A very first pipeline unit is called “boot”. As the name suggests it is started as a first pipeline unit in the resolution pipeline. It’s main purpose is to check input, adjust input parameters, halt resolver in case of any undesired conditions or to print any messages to logger (that will show up in user logs). As in case of all units, it has access to resolver context to check any input values to the resolver (user input, parameters or hyperparameters).

Note

Each boot pipeline unit is called just once per resolution before the stack generation pipeline is started.

Main usage

  • Adjust input parameters to the resolution process

  • Halt resolver before any stack resolution is done based on input values

    • Any exception raised will halt adviser with an error message (created out of exception message) populated to the adviser JSON result except for eager stopping (see bellow)

  • Print information into logs using logging

    • Any information logged will show up in adviser run logs - logging respects log-level configuration which was set up during adviser startup based on request/adviser configuration

  • Prematurely end resolution based on the the final state reached

Real world examples

  • Any adjustments to input parameters done can result in a logged messages

    • If a user uses a Python package index in the Pipfile that was not enabled by Thoth administrator a boot unit can adjust Pipfile (e.g. remove Python package index) - this configuration change will be propagated Thoth’s response in all integrations

    • If a user uses hardware (CPU/GPU) that is not known to Thoth’s knowledge base, a boot unit can adjust this information (remove it completelly or, for example, find a similar GPU model for recommendations) and print an informative log message

  • Adding messages to stack info (e.g. prescription version used)

  • Gate an application build in the cluster based on configured Python package indexes

    • If a user uses a Python package index that was not enabled by Thoth administrator in the Pipfile a boot unit can raise an exception causing a halt

  • Halting adviser in case of not sufficient runtime or buildtime information

    • If a user uses hardware (CPU/GPU) that is not known to Thoth’s knowledge base, a boot unit can halt adviser

Triggering unit for a specific package

To help with scaling the recommendation engine when it comes to number of pipeline units possibly registered, it is a good practice to state to which package the given unit corresponds.
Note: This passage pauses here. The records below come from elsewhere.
Lemma cint_sumM (a b : R) (I : Type) (r : seq I) (c : I -> R[i]) (g : I -> R -> R[i]) :
  (forall i, continuous (fun y => Re (g i y))) ->
  (forall i, continuous (fun y => Im (g i y))) ->
  cint a b (fun y => \sum_(i <- r) c i * g i y) = \sum_(i <- r) c i * cint a b (g i).
Proof.
move=> cRe cIm.
have contZ (p : R) (f : R -> R) : continuous f -> continuous (fun y => p * f y).
  by move=> cf y; apply: continuousM; [exact: cst_continuous|exact: cf].
have int_lin (p q : R) (f h : R -> R) : continuous f -> continuous h ->
    Rintegral mu `[a, b] (fun y => p * f y + q * h y) =
    p * Rintegral mu `[a, b] f + q * Rintegral mu `[a, b] h.
  move=> cf ch; rewrite RintegralD ?RintegralZl //;
    by apply: continuous_integrable_itv => //; apply: contZ.
have contD (f h : R -> R) : continuous f -> continuous h -> continuous (f \+ h).
  by move=> cf ch y; apply: continuousD; [exact: cf|exact: ch].
apply/eqP; rewrite eq_complex Re_sum Im_sum /=; apply/andP; split; apply/eqP.
- transitivity (Rintegral mu `[a, b] (fun y =>
      \sum_(i <- r) (Re (c i) * Re (g i y) + (- Im (c i)) * Im (g i y)))).
    congr Rintegral; apply: funext => y; rewrite Re_sum.
    by apply: eq_bigr => i _; rewrite ReM mulNr.
  rewrite Rintegral_itv_sum => [|i]; last by apply: contD; apply: contZ.
  by apply: eq_bigr => i _; rewrite int_lin // ReM mulNr.
- transitivity (Rintegral mu `[a, b] (fun y =>
      \sum_(i <- r) (Re (c i) * Im (g i y) + Im (c i) * Re (g i y)))).
    congr Rintegral; apply: funext => y; rewrite Im_sum.
    by apply: eq_bigr => i _; rewrite ImM.
  rewrite Rintegral_itv_sum => [|i]; last by apply: contD; apply: contZ.
  by apply: eq_bigr => i _; rewrite int_lin // ImM.
Qed.

Lemma norm2sq_ip (f : R -> R[i]) : norm2sq f = Re (ip f f).
Proof.
by rewrite /norm2sq /ip /cint /=; congr Rintegral; apply: funext => y; rewrite normc_sqrE.
Qed.

End ComplexIntegral.

Section Exponential.
Variable R : realType.
Local Notation mu := (@lebesgue_measure R).
Implicit Types (s t c y : R).

Lemma cexp2pi0 : cexp2pi 0 = 1 :> R[i].
Proof. by rewrite /cexp2pi mulr0 cos0 sin0. Qed.

Lemma cexp2piD s t : cexp2pi (s + t) = cexp2pi s * cexp2pi t.
Proof.
by apply/eqP; rewrite eq_complex /= mulrDr cosD sinD; apply/andP; split; apply/eqP; ring.
Qed.

Lemma conj_cexp2pi t : (cexp2pi t)^* = cexp2pi (- t).
Proof. by rewrite /cexp2pi mulrN cosN sinN. Qed.

Lemma cexp2piM c y : cexp2pi (c * y) = cos (2 * pi * c * y) +i* sin (2 * pi * c * y).
Proof. by rewrite /cexp2pi !mulrA. Qed.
To run the pipeline unit for a specific package, this fact should be reflected in the pipeline unit configuration by stating package_name configuration option. An example can be a pipeline unit specific for TensorFlow packages, which should state package_name: "tensorflow" in the pipeline configuration.
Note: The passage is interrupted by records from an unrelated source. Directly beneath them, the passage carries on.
Lemma unit_grid_approx N t : (0 < N)%nat -> 0 <= t <= 1 ->
  exists t', In t' (unit_grid N) /\ Rabs (t - t') <= 1 / INR N.
Proof.
  intros HN Ht. destruct (unit_interval_round N t HN Ht) as [j [Hj Hjx]].
  exists (INR j / INR N). split; auto.
  apply in_map_iff. exists j. split; auto. apply in_seq. lia.
Qed.

Lemma list_pos_lower_bound {A : Type} (l : list (A * R)) : (forall p, In p l -> 0 < snd p) ->
  exists e, 0 < e /\ forall p, In p l -> e < snd p.
Proof.
  induction l as [|a l IH]; intros H.
  - exists 1. split; [lra | simpl; tauto].
  - destruct IH as [e [He Hl]]; [intros; apply H; simpl; auto|].
    pose proof (H a (or_introl eq_refl)).
    exists (Rmin e (snd a / 2)). split; [apply Rmin_glb_lt; lra|].
    pose proof (Rmin_l e (snd a / 2)). pose proof (Rmin_r e (snd a / 2)).
    intros p [<-|Hp]; [lra|]. specialize (Hl p Hp). lra.
Qed.

Lemma C_family_bounded (X : Top) (Phi : nat -> C X) n : top_compact X ->
  exists M, 0 < M /\ forall i, (i < n)%nat -> forall x, Rabs (Phi i x) <= M.
Proof.
  intros hX. induction n.
  - exists 1. split; [lra | intros; lia].
  - destruct IHn as [M [HM HMi]]. destruct (C_bounded X (Phi n) hX) as [B HB].
    pose proof (Rmax_l M B). pose proof (Rmax_r M B).
    exists (Rmax M B). split; [lra|].
    intros i Hi x. destruct (Nat.eq_dec i n) as [->|E].
    + pose proof (HB x). lra.
    + pose proof (HMi i ltac:(lia) x). lra.
Qed.

Section Lift.

Variables (X Y : Top) (f : X -> Y) (mu : C Y -> R) (Phi : nat -> C X) (n : nat) (p : nat -> R).
Hypotheses (hX : top_compact X) (Hmu : in_OS mu).

Definition dominates (phi : X -> R) (psi : C Y) (c : nat -> R) : Prop :=
  (forall i, (i < n)%nat -> 0 <= c i) /\ forall x, phi x <= psi (f x) + lincomb Phi n c x.

Definition cost (psi : C Y) (c : nat -> R) : R := mu psi + dot n c p.

Definition lift (phi : C X) : R :=
  glb (fun v => exists psi c, dominates phi psi c /\ v = cost psi c).

Definition price_condition : Prop :=
  forall (psi0 psi : C Y) c, dominates (fun x => psi0 (f x)) psi c -> mu psi0 <= cost psi c.

Hypothesis Hprice : price_condition.

Lemma dominates_const (phi : X -> R) t :
  (forall x, phi x <= t) -> dominates phi (cconst Y t) (fun _ => 0).
Proof.
  intros Ht. split; [intros; lra|].
  intros x. unfold lincomb. rewrite dot_zero_l, cconst_eq. specialize (Ht x). lra.
Qed.

Lemma cost_const t : cost (cconst Y t) (fun _ => 0) = t.
Proof. unfold cost. rewrite dot_zero_l, (OS_const Y mu Hmu). ring. Qed.

Lemma dominates_shift (a b : X -> R) psi c s :
  (forall x, b x = a x + s) -> dominates a psi c -> dominates b (cadd psi (cconst Y s)) c.
Proof.
  intros Hb [Hc Ha]. split; auto. intros x.
  rewrite Hb, cadd_eq, cconst_eq. specialize (Ha x). lra.
Qed.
If the pipeline unit is generic for any package, the package_name configuration has to default to None.

An example implementation

import logging

from thoth.adviser import Boot


_LOGGER = logging.getLogger(__name__)

class ExampleBoot(Boot):
    """This is an example boot implementation."""
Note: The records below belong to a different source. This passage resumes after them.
Lemma partner_neq : partner h != h.
Proof.
have [p pD Ep] := exists_partner_pair; have /andP[+ _] := allP D_dst p pD.
by case: Ep => ->; rewrite // eq_sym.
Qed.

Lemma partner_end : gend (partner h) = gend h.
Proof.
have [p pD Ep] := exists_partner_pair; have /andP[_ /eqP] := allP D_dst p pD.
by case: Ep => ->.
Qed.

Lemma has_partner : has (inpair (partner h)) D.
Proof.
have [p pD Ep] := exists_partner_pair; apply/hasP; exists p => //.
by case: Ep => ->; rewrite /inpair eqxx ?orbT.
Qed.

Lemma partnerK : partner (partner h) = h.
Proof.
have [p pD Ep] := exists_partner_pair; have pp : inpair (partner h) p.
  by case: Ep => ->; rewrite /inpair eqxx ?orbT.
have /eqP ne := partner_neq.
by case: (partner_cases pD pp); case: Ep => -> [] *; congruence.
Qed.

End Partner.

Section Vertex.
Variable G : graph.
Hypothesis regG : four_regular G.

Lemma at_vertex_quad (a b c d x : gH G) : uniq [:: a; b; c; d] ->
  all (fun h => gend h == gend a) [:: b; c; d] ->
  (gend x == gend a) = (x \in [:: a; b; c; d]).
Proof.
move=> abcd ends; have card : #|[:: a; b; c; d]| = #|[set h | gend h == gend a]|.
  by rewrite regG (card_uniqP abcd).
have /(subset_cardP card) same : [:: a; b; c; d] \subset [set h | gend h == gend a].
  apply/subsetP => y; rewrite inE; move: ends => /= /and4P[eb ec ed _].
  by rewrite !inE => /or4P[] /eqP->.
by rewrite same inE.
Qed.

End Vertex.

Section Transitions.
Variable F : graph.
Local Notation H := (gH F).
Local Notation g := (@gpart F).
Hypothesis wfF : wf_graph F.
Hypothesis regF : four_regular F.

Lemma gpartK : involutive g. Proof. by move=> h; case: (wfF h). Qed.
Lemma gpart_neq (h : H) : g h != h. Proof. by case: (wfF h) => _ /eqP. Qed.

Variable P : seq (seq (H * H)).
Hypothesis cpP : circuit_partition P.
Local Notation Ptrans := (flatten P).

Lemma Ptrans_dst : all (@dir_single_transition F) Ptrans.
Proof.
apply/allP => p /flattenP[W WP pW]; have /and3P[+ _ _] := allP cpP.1 W WP.
by rewrite closed_walkE => /andP[/allP-> //].
Qed.

Lemma Ptrans_count h : count (inpair h) Ptrans = 1.
Proof.
rewrite count_flatten sumnE big_map -(cpP.2 h); apply: eq_bigr => W _.
by apply: eq_count => p; rewrite /inpair !(eq_sym h).
Qed.

Lemma Ptrans_inj h p q : p \in Ptrans -> q \in Ptrans -> inpair h p -> inpair h q -> p = q.
Proof. exact: count_eq1_eq (Ptrans_count h). Qed.

Lemma Ptrans_has h : has (inpair h) Ptrans.
Proof. by rewrite has_count Ptrans_count. Qed.

Definition pmate := partner Ptrans.

Lemma pmate_neq h : pmate h != h.
Proof. exact: (partner_neq Ptrans_dst (@Ptrans_inj) (Ptrans_has h)). Qed.
Lemma pmate_end h : gend (pmate h) = gend h.
Proof. exact: (partner_end Ptrans_dst (@Ptrans_inj) (Ptrans_has h)). Qed.
Lemma pmateK : involutive pmate.
Proof. by move=> h; apply: (partnerK Ptrans_dst (@Ptrans_inj) (Ptrans_has h)). Qed.
Lemma pmate_inj : injective pmate. Proof. exact: inv_inj pmateK. Qed.

Lemma mem_sset (h : H) p : (h \in sset p) = inpair h p.
Proof. by rewrite !inE. Qed.

Lemma sset_Ptrans h p : p \in Ptrans -> inpair h p -> sset p = [set h; pmate h].
Proof. by move=> pD /(partner_cases (@Ptrans_inj) pD) [] ->; rewrite /sset // setUC. Qed.

Lemma st_mem h : [set h; pmate h] \in STP P.
Proof.
have /hasP[p pD hp] := Ptrans_has h.
by apply/mapP; exists p; rewrite // (sset_Ptrans pD hp).
Qed.

Definition st h : TH P := Sub [set h; pmate h] (st_mem h).

Lemma mem_st h : h \in val (st h).
Proof. by rewrite !inE eqxx. Qed.

Lemma stE (s : TH P) h : h \in val s -> s = st h.
Proof.
have /mapP[p pD Es] := valP s; rewrite Es mem_sset => hp.
by apply: val_inj; rewrite /= Es (sset_Ptrans pD hp).
Qed.

Lemma st_eqE y z : (st z == st y) = (z \in [set y; pmate y]).
Proof.
apply/eqP/idP => [E | zy]; last by rewrite [st y](@stE _ z).
by have := mem_st z; rewrite E.
Qed.

Lemma st_surj (s : TH P) : exists h, s = st h.
Proof. by have /mapP[p _ Es] := valP s; exists p.1; apply: stE; rewrite Es !inE eqxx. Qed.

Lemma st_pmate h : st (pmate h) = st h.
Proof. by apply/eqP; rewrite st_eqE !inE eqxx orbT. Qed.

Lemma st_of_st h : st_of P h = Some (st h).
Proof.
rewrite /st_of; case: pickP => [s hs | none]; first by rewrite (stE hs).
by have := none (st h); rewrite mem_st.
Qed.

Lemma cidx_st h : cidx P (val (st h)) = find (fun W => h \in walk_halves W) P.
Proof.
rewrite /cidx; apply: eq_in_find => W WP /=; rewrite mem_walk_halves.
apply/mapP/hasP => [[q qW Eq] | [q qW hq]].
  by exists q; rewrite // -mem_sset -Eq !inE eqxx.
by exists q; rewrite // (sset_Ptrans _ hq) //; apply/flattenP; exists W.
Qed.

Lemma tch_end_st_gpart h : tch_end (st (g h)) = tch_end (st h).
Proof.
apply: val_inj; rewrite /= !cidx_st; apply: eq_in_find => W WP.
have /and3P[cW _ _] := allP cpP.1 W WP.
by apply/idP/idP => /(closed_walk_gpart gpartK cW); rewrite ?gpartK.
Qed.

Lemma tch_partE (s t : TH P) : is_transition (val s) (val t) ->
  (forall t', is_transition (val s) (val t') -> t' = t) -> tch_part s = t.
Proof.
move=> st uniq_t; rewrite /tch_part.
by case: pickP => [t' /uniq_t -> | /(_ t)]; rewrite ?st.
Qed.

Lemma is_transition_quad (a b c d : H) : uniq [:: a; b; c; d] ->
  all (fun h => gend h == gend a) [:: b; c; d] -> is_transition [set a; b] [set c; d].
Proof.
move=> abcd ends; apply/andP; split.
  apply/pred0P => x /=; rewrite !inE; apply/negP => /andP[/orP[]/eqP-> /orP[]/eqP E];
  by move: abcd; rewrite /= !inE E eqxx ?orbT ?andbF.
apply/existsP; exists (gend a); apply/eqP/setP => x.
by rewrite !inE (at_vertex_quad regF x abcd ends) !inE !orbA.
Qed.

Variable C : seq (seq (H * H)).
Hypothesis cycC : oriented_cycle C.
Local Notation Ctrans := (flatten C).

Lemma circuit_of_cycle W : W \in C -> oriented_circuit W.
Proof. by move=> WC; case/andP: cycC => /allP/(_ W WC). Qed.

Lemma Ctrans_uniq : uniq (walk_halves Ctrans).
Proof.
case/andP: cycC; elim: C => //= W C' IH /andP[cW cC'] /andP[dW pC'].
rewrite walk_halves_cat cat_uniq IH // andbT; case/and3P: cW => _ _ -> /=.
apply/hasP => -[h]; rewrite mem_walk_halves_flatten => /hasP[W' W'C hW'] hW.
have := allP dW W' W'C; rewrite disjoint_subset => /subsetP/(_ [set h; g h]).
by rewrite !inE => /(_ (imset_f _ hW)) /negP; apply; apply: imset_f.
Qed.

Lemma Ctrans_dst : all (@dir_single_transition F) Ctrans.
Proof.
apply/allP => p /flattenP[W WC pW]; have /and3P[+ _ _] := circuit_of_cycle WC.
by rewrite closed_walkE => /andP[/allP-> //].
Qed.

Lemma Ctrans_inj h p q : p \in Ctrans -> q \in Ctrans -> inpair h p -> inpair h q -> p = q.
Proof. exact: uniq_walk_halves_inj Ctrans_uniq. Qed.

Definition onC : {set H} := [set h | h \in walk_halves Ctrans].

Lemma onC_has h : (h \in onC) = has (inpair h) Ctrans.
Proof. by rewrite inE mem_walk_halves. Qed.

Lemma gpart_onC h : (g h \in onC) = (h \in onC).
Proof.
suff onC_g x : x \in onC -> g x \in onC by apply/idP/idP => /onC_g; rewrite ?gpartK.
rewrite !inE !mem_walk_halves_flatten => /hasP[W WC xW]; apply/hasP; exists W => //.
by have /and3P[cW _ _] := circuit_of_cycle WC; apply: closed_walk_gpart gpartK cW xW.
Qed.

Definition cmate := partner Ctrans.

Section OnC.
Variable h : H.
Hypothesis hC : h \in onC.
Let hD : has (inpair h) Ctrans. Proof. by rewrite -onC_has. Qed.

Lemma cmate_neq : cmate h != h.
Proof. exact: (partner_neq Ctrans_dst (@Ctrans_inj) hD). Qed.

Lemma cmate_end : gend (cmate h) = gend h.
Proof. exact: (partner_end Ctrans_dst (@Ctrans_inj) hD). Qed.

Lemma cmateK : cmate (cmate h) = h.
Proof. exact: (partnerK Ctrans_dst (@Ctrans_inj) hD). Qed.

Lemma cmate_onC : cmate h \in onC.
Proof. by rewrite onC_has; exact: (has_partner (@Ctrans_inj) hD). Qed.

End OnC.

Definition crossing h := pmate h \notin onC.

Definition mate h :=
  if h \in onC then (if pmate h \in onC then pmate h else cmate h) else h.

Lemma crossing_quad_uniq y : y \in onC -> crossing y ->
  uniq [:: y; pmate y; cmate y; pmate (cmate y)].
Proof.
move=> yC cy; have cC := cmate_onC yC.
have yP : y != pmate y by rewrite eq_sym pmate_neq.
have yc : y != cmate y by rewrite eq_sym cmate_neq.
have yPc : y != pmate (cmate y) by apply: contraNneq cy => ->; rewrite /crossing pmateK.
have Pc : pmate y != cmate y by apply: contraNneq cy => ->.
have PPc : pmate y != pmate (cmate y) by rewrite (inj_eq pmate_inj).
have cPc : cmate y != pmate (cmate y) by rewrite eq_sym pmate_neq.
by rewrite /= !inE !negb_or yP yc yPc Pc PPc cPc.
Qed.

Lemma crossing_quad_ends y : y \in onC ->
  all (fun h => gend h == gend y) [:: pmate y; cmate y; pmate (cmate y)].
Proof. by move=> yC; rewrite /= !pmate_end cmate_end ?eqxx. Qed.

(* The four half-edges at the vertex of a crossing y are y, its C-mate, and
   their P-mates; the last one cannot lie on C, or its C-mate would be a fifth. *)
Lemma crossing_cmate y : y \in onC -> crossing y -> crossing (cmate y).
Proof.
move=> yC cy; have cC := cmate_onC yC; set c := cmate y in cC *.
apply/negP => pcC; have ecC := cmate_onC pcC.
have : cmate (pmate c) \in [:: y; pmate y; c; pmate c].
  rewrite -(at_vertex_quad regF _ (crossing_quad_uniq yC cy) (crossing_quad_ends yC)).
  by rewrite cmate_end // pmate_end cmate_end.
rewrite !inE => /or4P[] /eqP E.
- have : pmate c = cmate y by rewrite -E cmateK.
  by move/eqP; rewrite (negbTE (pmate_neq c)).
- by move: cy; rewrite /crossing -E ecC.
- have : pmate c = y by rewrite -[pmate c](cmateK pcC) E cmateK.
  by move=> Ey; move: cy; rewrite /crossing -Ey pmateK cC.
- by move: (cmate_neq pcC); rewrite E eqxx.
Qed.

Lemma crossing_at_vertex y z : y \in onC -> crossing y -> z \in onC ->
  gend z = gend y -> z = y \/ z = cmate y.
Proof.
move=> yC cy zC /eqP.
rewrite (at_vertex_quad regF z (crossing_quad_uniq yC cy) (crossing_quad_ends yC)) !inE.
case/or4P => /eqP E; [by left | | by right | ].
- by move: cy; rewrite /crossing -E zC.
- by move: (crossing_cmate yC cy); rewrite /crossing -E zC.
Qed.

Lemma mate_onC h : (mate h \in onC) = (h \in onC).
Proof. by rewrite /mate; case: ifP => hC //; case: ifP => // _; apply: cmate_onC. Qed.

Lemma mate_neq h : h \in onC -> mate h != h.
Proof. by move=> hC; rewrite /mate hC; case: ifP => _; rewrite ?pmate_neq ?cmate_neq. Qed.

Lemma mate_end h : gend (mate h) = gend h.
Proof. by rewrite /mate; case: ifP => hC //; case: ifP => _; rewrite ?pmate_end ?cmate_end. Qed.

Lemma mate_crossing y : y \in onC -> crossing y -> mate y = cmate y.
Proof. by rewrite /mate /crossing => -> /negbTE ->. Qed.

Lemma mate_pmate y : y \in onC -> ~~ crossing y -> mate y = pmate y.
Proof. by rewrite /mate /crossing negbK => -> ->. Qed.

Lemma mateK : involutive mate.
Proof.
move=> h; have [hC | hC] := boolP (h \in onC); last by rewrite /mate !(negbTE hC).
have [cy | ] := boolP (crossing h).
  by rewrite mate_crossing // mate_crossing ?cmateK ?cmate_onC ?crossing_cmate.
move=> ncy; have pC : pmate h \in onC by rewrite /crossing negbK in ncy.
by rewrite mate_pmate // mate_pmate /crossing ?pmateK ?hC.
Qed.

Lemma mate_inj : injective mate. Proof. exact: inv_inj mateK. Qed.

Lemma crossing_mate y : y \in onC -> crossing y -> crossing (mate y).
Proof. by move=> yC cy; rewrite mate_crossing ?crossing_cmate. Qed.

Lemma st_mate y : y \in onC -> (st (mate y) == st y) = ~~ crossing y.
Proof.
move=> yC; rewrite st_eqE !inE (negbTE (mate_neq yC)) /=.
have [cy | ncy] := boolP (crossing y); last by rewrite mate_pmate ?eqxx.
rewrite mate_crossing //; apply/negP => /eqP E.
by move: cy; rewrite /crossing -E cmate_onC.
Qed.

Lemma tch_part_crossing y : y \in onC -> crossing y -> tch_part (st y) = st (mate y).
Proof.
move=> yC cy; rewrite mate_crossing //; set c := cmate y.
have quad := crossing_quad_uniq yC cy; have ends := crossing_quad_ends yC.
apply: tch_partE => [|t]; first exact: is_transition_quad.
have [z ->] := st_surj t; rewrite /is_transition => /andP[dis /existsP[v /eqP Ev]].
have zv : z \in [set y; pmate y] :|: [set z; pmate z] by rewrite !inE eqxx !orbT.
have yv : y \in [set y; pmate y] :|: [set z; pmate z] by rewrite !inE eqxx.
rewrite Ev !inE in zv yv; rewrite -(eqP yv) in zv.
move: zv; rewrite (at_vertex_quad regF z quad ends) !inE orbA => /orP[zy |].
  by have := disjointFl dis (mem_st z); rewrite /= !inE zy.
by case/orP => /eqP->; rewrite ?st_pmate.
Qed.

Definition step h := g (mate h).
  CONFIGURATION_DEFAULT: Dict[str, Any] = {"package_name": None}  # The pipeline unit is not specific to any package.

  def run(self) -> None:
      """Main entry-point for boot unit to demonstrate boot example."""
      cpu_family = self.context.project.runtime_environment.hardware.cpu_family

      if cpu_family is not None
          known_cpu_families = self.context.graph.get_cpu_family_all()
          if cpu_family not in known_cpu_families:
              _LOGGER.warning(
                  "CPU family used %s is not known, it will not be considered"
                  cpu_family
              )
              self.context.project.runtime_environment.hardware.cpu_family = None
              # Or you can raise an exception causing adviser halt:
              #  raise ValueError(f"CPU family used {cpu_family!r} is not known")

The implementation can also provide other methods, such as Unit.pre_run, Unit.post_run or Unit.post_run_report and pipeline unit configuration adjustment. See unit documentation for more info.